_EXERCISE BRIEF_.
Line tally for the word "direction": count the lines below that contain it and reply with the number alone.

====================

(* Let $X$ be a set and let $A$ and $B$ be Banach algebras of complex-valued functions on $X$ (with pointwise operations), each containing the constant functions on $X$. Let $\psi:A\to B$ be a continuous algebra homomorphism and $\varphi\in\Delta(B)$. If $f\in A$ satisfies $P(f)=0$ for some nonzero polynomial $P$ in one complex variable, then $D(f)=0$ for every $(\varphi,\psi)$-point derivation $D$ on $A$.
   Context: $\Delta(B)$ denotes the set of all nonzero multiplicative linear functionals on $B$. A bounded linear functional $D$ on $A$ is a $(\varphi,\psi)$-point derivation if $D(ab)=\varphi(\psi(a))\,D(b)+\varphi(\psi(b))\,D(a)$ for all $a,b\in A$. For $P(z)=\sum_{k=0}^{n}c_kz^k$, $P(f)=\sum_{k=0}^n c_k f^k$ with $f^0$ the constant function $1$. *)

From mathcomp Require Import all_boot all_order all_algebra.
From mathcomp Require Import complex.
From mathcomp Require Import reals.
Set Implicit Arguments. Unset Strict Implicit. Unset Printing Implicit Defensive.
Import Order.TTheory GRing.Theory Num.Theory.
Local Open Scope ring_scope.
Local Open Scope complex_scope.

Section Defs.
Variable (R : realType) (X : Type).
Local Notation C := R[i].
Local Notation F := (X -> C).

Record funBanachAlg := FunBanachAlg {
  inA : F -> Prop;
  anrm : F -> R;
  mem_cst : forall c : C, inA (fun _ => c);
  mem_add : forall f g, inA f -> inA g -> inA (fun x => f x + g x);
  mem_scale : forall (c : C) f, inA f -> inA (fun x => c * f x);
  mem_mul : forall f g, inA f -> inA g -> inA (fun x => f x * g x);
  nrm_ge0 : forall f, inA f -> 0 <= anrm f;
  nrm_eq0 : forall f, inA f -> anrm f = 0 -> f = (fun _ => 0);
  nrm_add : forall f g, inA f -> inA g -> anrm (fun x => f x + g x) <= anrm f + anrm g;
  nrm_scale : forall (c : C) f, inA f ->
      anrm (fun x => c * f x) = complex.Re `|c| * anrm f;
  nrm_mul : forall f g, inA f -> inA g -> anrm (fun x => f x * g x) <= anrm f * anrm g;
  complete : forall u : nat -> F, (forall n, inA (u n)) ->
    (forall e : R, 0 < e -> exists N, forall m n, (N <= m)%N -> (N <= n)%N ->
        anrm (fun x => u m x - u n x) < e) ->
    exists2 l, inA l & forall e : R, 0 < e -> exists N, forall n, (N <= n)%N ->
        anrm (fun x => u n x - l x) < e
}.

Definition cont_alg_hom (A B : funBanachAlg) (psi : F -> F) : Prop :=
  [/\ forall f, inA A f -> inA B (psi f),
      forall f g, inA A f -> inA A g -> psi (fun x => f x + g x) = (fun x => psi f x + psi g x),
      forall (c : C) f, inA A f -> psi (fun x => c * f x) = (fun x => c * psi f x),
      forall f g, inA A f -> inA A g -> psi (fun x => f x * g x) = (fun x => psi f x * psi g x)
    & forall f, inA A f -> forall e : R, 0 < e -> exists2 d : R, 0 < d &
        forall g, inA A g -> anrm A (fun x => g x - f x) < d ->
          anrm B (fun x => psi g x - psi f x) < e].

Definition in_Delta (B : funBanachAlg) (phi : F -> C) : Prop :=
  [/\ forall f g, inA B f -> inA B g -> phi (fun x => f x + g x) = phi f + phi g,
      forall (c : C) f, inA B f -> phi (fun x => c * f x) = c * phi f,
      forall f g, inA B f -> inA B g -> phi (fun x => f x * g x) = phi f * phi g
    & exists2 f, inA B f & phi f != 0].

Definition point_derivation (A : funBanachAlg) (phi : F -> C) (psi : F -> F)
    (D : F -> C) : Prop :=
  [/\ forall f g, inA A f -> inA A g -> D (fun x => f x + g x) = D f + D g,
      forall (c : C) f, inA A f -> D (fun x => c * f x) = c * D f,
      exists M : R, forall f, inA A f -> complex.Re `|D f| <= M * anrm A f
    & forall f g, inA A f -> inA A g ->
        D (fun x => f x * g x) = phi (psi f) * D g + phi (psi g) * D f].

Definition poly_app (P : {poly C}) (f : F) : F :=
  fun x => \sum_(k < size P) P`_k * f x ^+ k.

End Defs.

Arguments cont_alg_hom {R X} A B psi.
Arguments in_Delta {R X} B phi.
Arguments point_derivation {R X} A phi psi D.

From mathcomp Require Import all_boot all_order all_algebra.
From mathcomp Require Import complex.
From mathcomp Require Import reals boolp.
Set Implicit Arguments. Unset Strict Implicit. Unset Printing Implicit Defensive.
Import GRing.Theory Num.Theory.
Local Open Scope ring_scope.
Local Open Scope complex_scope.

(* The composite chi = phi o psi is multiplicative and linear on A, and D is a
   chi-derivation.  Since chi(1) is idempotent, either chi vanishes on A, and then
   so does D, or chi is unital.  In the unital case chi(Q(f)) = Q(lambda) with
   lambda = chi(f); writing P = Q (X - lambda)^m with Q(lambda) != 0, the function
   (f - lambda) Q(f) vanishes identically, and the Leibniz rule applied to it
   gives Q(lambda) D(f) = 0. *)

Lemma root_poly_app (R : realType) (X : Type) (P : {poly R[i]}) (f : X -> R[i]) :
  poly_app P f = (fun _ => 0) -> forall x, root P (f x).
Proof. by move=> Pf x; apply/rootP; rewrite horner_coef -[RHS]/(_ x) -Pf. Qed.

Lemma XsubC_factor_root_eq0 (K : idomainType) (P Q : {poly K}) (a z : K) (m : nat) :
  P = Q * ('X - a%:P) ^+ m -> root P z -> (z - a) * Q.[z] = 0.
Proof.
move=> -> /rootP; rewrite hornerM horner_exp hornerXsubC => /eqP.
by rewrite mulf_eq0 expf_eq0 => /orP[/eqP -> | /andP[_ /eqP ->]]; rewrite ?mulr0 ?mul0r.
Qed.

Lemma idem_eq0_or1 (K : idomainType) (u : K) : u * u = u -> u = 0 \/ u = 1.
Proof.
move=> uu; have /eqP : u * (u - 1) = 0 by rewrite mulrBr mulr1 uu subrr.
by rewrite mulf_eq0 subr_eq0 => /orP[] /eqP; [left | right].
Qed.

Lemma mem_horner (R : realType) (X : Type) (A : funBanachAlg R X) (f : X -> R[i])
    (Q : {poly R[i]}) :
  inA A f -> inA A (fun x => Q.[f x]).
Proof.
move=> Af; elim/poly_ind: Q => [|Q c AQ].
  by under [fun x => _]funext do rewrite horner0; apply: mem_cst.
under [fun x => _]funext do rewrite hornerMXaddC.
exact: (mem_add (mem_mul AQ Af) (mem_cst A c)).
Qed.

Section CharacterDerivation.
Variables (R : realType) (X : Type) (A : funBanachAlg R X).
Local Notation C := R[i].
Local Notation F := (X -> C).
Local Notation one := (fun _ : X => 1 : C).

Variables (chi D : F -> C).
Hypothesis chiD : forall f g, inA A f -> inA A g ->
  chi (fun x => f x + g x) = chi f + chi g.
Hypothesis chiZ : forall (c : C) f, inA A f -> chi (fun x => c * f x) = c * chi f.
Hypothesis chiM : forall f g, inA A f -> inA A g ->
  chi (fun x => f x * g x) = chi f * chi g.
Hypothesis DD : forall f g, inA A f -> inA A g -> D (fun x => f x + g x) = D f + D g.
Hypothesis DZ : forall (c : C) f, inA A f -> D (fun x => c * f x) = c * D f.
Hypothesis DM : forall f g, inA A f -> inA A g ->
  D (fun x => f x * g x) = chi f * D g + chi g * D f.

Let A1 : inA A one := mem_cst A 1.

Lemma fun_mulr1 (g : F) : (fun x => g x * one x) = g.
Proof. by apply: funext => x; rewrite mulr1. Qed.

Lemma cst_fun_mul1 (c : C) : (fun _ => c) = (fun x => c * one x).
Proof. by apply: funext => x; rewrite mulr1. Qed.

Lemma chi_mul1 g : inA A g -> chi g = chi g * chi one.
Proof. by move=> Ag; rewrite -chiM // fun_mulr1. Qed.

Lemma D_eq0_of_chi1_eq0 : chi one = 0 -> forall f, inA A f -> D f = 0.
Proof.
move=> chi10 f Af; have chi0 g : inA A g -> chi g = 0.
  by move=> Ag; rewrite chi_mul1 // chi10 mulr0.
by rewrite -[f]fun_mulr1 DM // !chi0 // !mul0r addr0.
Qed.

Section UnitalCharacter.
Hypothesis chi1 : chi one = 1.

Lemma chi_cst (c : C) : chi (fun _ => c) = c.
Proof. by rewrite cst_fun_mul1 chiZ // chi1 mulr1. Qed.

Lemma D1 : D one = 0.
Proof.
have := DM A1 A1; rewrite fun_mulr1 chi1 !mul1r -{1}[D one]addr0.
by move=> /addrI <-.
Qed.

Lemma D_cst (c : C) : D (fun _ => c) = 0.
Proof. by rewrite cst_fun_mul1 DZ // D1 mulr0. Qed.

Lemma chi_horner f (Q : {poly C}) : inA A f -> chi (fun x => Q.[f x]) = Q.[chi f].
Proof.
move=> Af; elim/poly_ind: Q => [|Q c IH].
  by under [fun x => _]funext do rewrite horner0; rewrite chi_cst horner0.
under [fun x => _]funext do rewrite hornerMXaddC.
have AQ := mem_horner Q Af.
rewrite chiD; [|exact: mem_mul | exact: mem_cst].
by rewrite chiM // IH chi_cst hornerMXaddC.
Qed.

Lemma D_eq0_of_root_unital f (P : {poly C}) :
  inA A f -> P != 0 -> (forall x, root P (f x)) -> D f = 0.
Proof.
move=> Af Pn0 Pf; set lam := chi f.
have [m [Q /implyP/(_ Pn0) Qlam PE]] := multiplicity_XsubC P lam.
have Alam : inA A (fun _ => - lam) := mem_cst A (- lam).
have AQ := mem_horner Q Af.
have Df_lam : D (fun x => f x - lam) = D f by rewrite DD // D_cst addr0.
have chif_lam : chi (fun x => f x - lam) = 0 by rewrite chiD // chi_cst subrr.
have vanish : (fun x => (f x - lam) * Q.[f x]) = (fun _ => 0).
  by apply: funext => x; apply: XsubC_factor_root_eq0 PE (Pf x).
have := DM (mem_add Af Alam) AQ.
rewrite vanish D_cst chif_lam mul0r add0r chi_horner // Df_lam => /esym/eqP.
by rewrite mulf_eq0 -[Q.[_] == 0]/(root Q lam) (negbTE Qlam) => /eqP.
Qed.

End UnitalCharacter.

Lemma D_eq0_of_root f (P : {poly C}) :
  inA A f -> P != 0 -> (forall x, root P (f x)) -> D f = 0.
Proof.
move=> Af Pn0 Pf; have [chi10 | chi11] := idem_eq0_or1 (esym (chi_mul1 A1)).
  exact: D_eq0_of_chi1_eq0.
exact: (D_eq0_of_root_unital chi11 Af Pn0).
Qed.

End CharacterDerivation.

Theorem proposition2p5 (R : realType) (X : Type) (A B : funBanachAlg R X)
  (psi : (X -> R[i]) -> (X -> R[i])) (phi : (X -> R[i]) -> R[i])
  (f : X -> R[i]) (P : {poly R[i]}) :
  cont_alg_hom A B psi -> in_Delta B phi -> inA A f ->
  P != 0 -> poly_app P f = (fun _ => 0) ->
  forall D : (X -> R[i]) -> R[i], point_derivation A phi psi D -> D f = 0.
Proof.
move=> [psiB psiD psiZ psiM _] [phiD phiZ phiM _] Af Pn0 Pf D [DD DZ _ DM].
pose chi g := phi (psi g).
have chiD g h : inA A g -> inA A h -> chi (fun x => g x + h x) = chi g + chi h.
  by move=> Ag Ah; rewrite /chi psiD // phiD //; apply: psiB.
have chiZ c g : inA A g -> chi (fun x => c * g x) = c * chi g.
  by move=> Ag; rewrite /chi psiZ // phiZ //; apply: psiB.
have chiM g h : inA A g -> inA A h -> chi (fun x => g x * h x) = chi g * chi h.
  by move=> Ag Ah; rewrite /chi psiM // phiM //; apply: psiB.
exact: (D_eq0_of_root chiD chiZ chiM DD DZ DM Af Pn0 (root_poly_app Pf)).
Qed.
(* Let $k$ be an algebraically closed field, $\Lambda$ a basic finite-dimensional $k$-algebra, and let $M$ and $N$ be $d$-dimensional $\Lambda$-modules. The following are equivalent: (1) There exist composition series $(0)=M_0\subseteq M_1\subseteq\cdots\subseteq M_d=M$ and $(0)=N_0\subseteq N_1\subseteq\cdots\subseteq N_d=N$ such that $M_i/M_{i-1}\simeq N_i/N_{i-1}$ for $1\leq i\leq d$. (2) For any orthogonal set $E$ of idempotents in $\Lambda$, there exist triangular representations $\mu,\nu\in\mathrm{mod}_d\Lambda$ of $M$ and $N$ respectively such that $\mu(e)=\nu(e)$ for all $e\in E$. (3) There exist a complete orthogonal set $E$ of primitive idempotents in $\Lambda$ and triangular representations $\mu,\nu\in\mathrm{mod}_d\Lambda$ of $M$ and $N$ respectively such that $\mu(e)=\nu(e)$ for all $e\in E$.
   Context: A $d$-dimensional representation of $\Lambda$ is a $k$-algebra homomorphism $\rho:\Lambda\to M_d(k)$; it is a representation of the module $M$ if $k^d$ with the structure $\lambda\cdot v=\rho(\lambda)v$ is isomorphic to $M$. $\mathrm{mod}_d\Lambda$ is the set of all such representations. A representation is triangular if all $\rho(\lambda)$ are upper triangular matrices. A set of idempotents is orthogonal if $e_ie_j=0$ for $i\neq j$; a nonzero idempotent is primitive if it is not a sum of two nonzero orthogonal idempotents; an orthogonal set of primitive idempotents is complete if it is not a proper subset of a larger orthogonal set of primitive idempotents. *)

From HB Require Import structures.
From mathcomp Require Import all_boot all_order all_algebra.
From mathcomp Require Import falgebra.
Set Implicit Arguments. Unset Strict Implicit. Unset Printing Implicit Defensive.
Import GRing.Theory.
Local Open Scope ring_scope.

Section Defs.
Variables (k : fieldType) (A : falgType k).

Definition idempotent (e : A) : Prop := e * e = e.

Definition orthogonal_idempotents (E : {pred A}) : Prop :=
  (forall e, e \in E -> idempotent e) /\
  (forall e f, e \in E -> f \in E -> e != f -> e * f = 0).

Definition primitive_idempotent (e : A) : Prop :=
  [/\ idempotent e, e != 0 &
      ~ (exists f g : A, idempotent f /\ idempotent g /\ f != 0 /\ g != 0 /\
                          f * g = 0 /\ g * f = 0 /\ e = f + g)].

Definition orthogonal_primitive_set (E : {pred A}) : Prop :=
  orthogonal_idempotents E /\ (forall e, e \in E -> primitive_idempotent e).

Definition complete_orthogonal_primitive_set (E : {pred A}) : Prop :=
  orthogonal_primitive_set E /\
  (forall F : {pred A}, orthogonal_primitive_set F ->
     {subset E <= F} -> {subset F <= E}).

(* the right ideals eA and fA are isomorphic as right A-modules
   (fA = {y | f * y = y}; homomorphisms are given on all of A,
   which loses nothing since eA is a direct summand via x |-> e x) *)
Definition rideal_iso (e f : A) : Prop :=
  exists phi psi : A -> A,
  (forall x y, phi (x + y) = phi x + phi y) /\
  (forall x y, psi (x + y) = psi x + psi y) /\
  (forall x l, phi (x * l) = phi x * l) /\
  (forall x l, psi (x * l) = psi x * l) /\
  (forall x, f * phi (e * x) = phi (e * x)) /\
  (forall x, e * psi (f * x) = psi (f * x)) /\
  (forall x, psi (phi (e * x)) = e * x) /\
  (forall x, phi (psi (f * x)) = f * x).

(* basic algebra (Assem-Simson-Skowronski I.6.1) *)
Definition basic_algebra : Prop :=
  exists E : {pred A}, complete_orthogonal_primitive_set E /\
    (forall e f, e \in E -> f \in E -> e != f -> ~ rideal_iso e f).

Variable d : nat.

Definition is_rep (rho : A -> 'M[k]_d) : Prop :=
  [/\ (forall (c : k) x y, rho (c *: x + y) = c *: rho x + rho y),
      rho 1 = 1%:M &
      (forall x y, rho (x * y) = rho x *m rho y)].

(* mu is a representation of the module (k^d, rho) : the two module structures
   on k^d are isomorphic *)
Definition rep_of (mu rho : A -> 'M[k]_d) : Prop :=
  exists P : 'M[k]_d, P \in unitmx /\ (forall a, P *m rho a = mu a *m P).
Definition highest_root (Phi : seq 'rV[R]_n) (Delta : 'I_n -> 'rV[R]_n) theta : Prop :=
  theta \in Phi /\ forall b, b \in Phi -> nonneg_comb Delta (theta - b).

Definition coroot_lattice (Phi : seq 'rV[R]_n) (eta : 'rV[R]_n) : Prop :=
  exists c : nat -> int, eta = \sum_(j < size Phi) (c j)%:~R *: coroot (Phi`_j).

Definition hyperplane (Phi : seq 'rV[R]_n) (H : set 'rV[R]_n) : Prop :=
  exists a (k : int), a \in Phi /\ H = [set x | dot x a = k%:~R].

Definition fund_alcove (Phi : seq 'rV[R]_n) (Delta : 'I_n -> 'rV[R]_n) : set 'rV[R]_n :=
  [set x | forall a, pos_root Phi Delta a -> 0 < dot x a < 1].

(* simple reflections s_i, i in I~ = 'I_n.+1; index 0 is the affine node
   (reflection across {<x,theta> = 1}), index i.+1 is the reflection for Delta i *)
Definition sref (Delta : 'I_n -> 'rV[R]_n) (theta : 'rV[R]_n) (i : 'I_n.+1) :
  'rV[R]_n -> 'rV[R]_n :=
  match unlift ord0 i with
  | None => refl theta 1
  | Some k => refl (Delta k) 0
  end.

(* Right action: x.(s u) = (x.s).u.  Given the index sequence w = (i_0, i_1, ...),
   uact w j is the map x |-> x.u_j where u_0 = 1 and u_{j+1} = s_{i_j} u_j. *)
Fixpoint uact (Delta : 'I_n -> 'rV[R]_n) theta (w : nat -> 'I_n.+1) (j : nat) :
  'rV[R]_n -> 'rV[R]_n :=
  match j with
  | 0 => id
  | j'.+1 => uact Delta theta w j' \o sref Delta theta (w j')
  end.

(* the alcove A u, where f is the map x |-> x.u *)
Definition alcove (Phi : seq 'rV[R]_n) Delta (f : 'rV[R]_n -> 'rV[R]_n) : set 'rV[R]_n :=
  f @` fund_alcove Phi Delta.

Definition Upsilon (Phi : seq 'rV[R]_n) (z0 eta : 'rV[R]_n) : Prop :=
  [/\ coroot_lattice Phi eta, eta != 0 &
      forall t : R, 0 <= t -> ~ exists H1 H2,
        [/\ hyperplane Phi H1, hyperplane Phi H2, H1 <> H2,
            H1 (z0 + t *: eta) & H2 (z0 + t *: eta)]].

(* ray_word: the ray from z0 in direction eta passes successively through the
   alcoves A u_0 = A, A u_1, ... with u_{j+1} = s_{w j} u_j; i.e.
   w(eta) = ... s_{w 2} s_{w 1} s_{w 0}. *)
Definition ray_word (Phi : seq 'rV[R]_n) Delta theta (z0 eta : 'rV[R]_n)
  (w : nat -> 'I_n.+1) : Prop :=
  exists t : nat -> R,
    [/\ t 0%N = 0, (forall j, t j < t j.+1), (forall M : R, exists j, M < t j) &
        forall (j : nat) (s : R), t j < s -> s < t j.+1 ->
          alcove Phi Delta (uact Delta theta w j) (z0 + s *: eta)].

End AffineWeyl.

From HB Require Import structures.
From mathcomp Require Import all_boot all_order all_algebra all_fingroup.
From mathcomp Require Import classical_sets reals.
From mathcomp Require Import ring lra zify.
Set Implicit Arguments. Unset Strict Implicit. Unset Printing Implicit Defensive.
Import Order.TTheory GRing.Theory Num.Theory.
Local Open Scope ring_scope.
Local Open Scope classical_set_scope.

(* The linear part of the right action of u_N permutes the finite set of roots,
   so some power of it is the identity: with K := d N, u_K is a translation by
   a vector b, and the word is K-periodic.  Since the alcoves A u_{kK} = A + k b
   all meet the ray, b = c eta with c > 0.  Reflections being involutions,
   x.u_{K-j} = x.u'_j + b for the reversed word u', so the alcoves met by the
   ray in direction -eta are the translates by -(q+1) b of those met by the
   original ray, in reverse order: the j-th crossing time of the reversed ray,
   for j - 1 = q K + r with r < K, is (q+1) c - t_{K-r}. *)

Section Dot.
Variables (R : realType) (n : nat).
Implicit Types x y z a : 'rV[R]_n.

Lemma dotE x y : dot x y = \sum_j x 0 j * y 0 j.
Proof. by rewrite /dot mxE; apply: eq_bigr => j _; rewrite mxE. Qed.

Lemma dotC x y : dot x y = dot y x.
Proof. by rewrite !dotE; apply: eq_bigr => j _; rewrite mulrC. Qed.

Lemma dotDl x y z : dot (x + y) z = dot x z + dot y z.
Proof. by rewrite !dotE -big_split; apply: eq_bigr => j _; rewrite mxE mulrDl. Qed.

====================

_RESPONSE BOX_.
2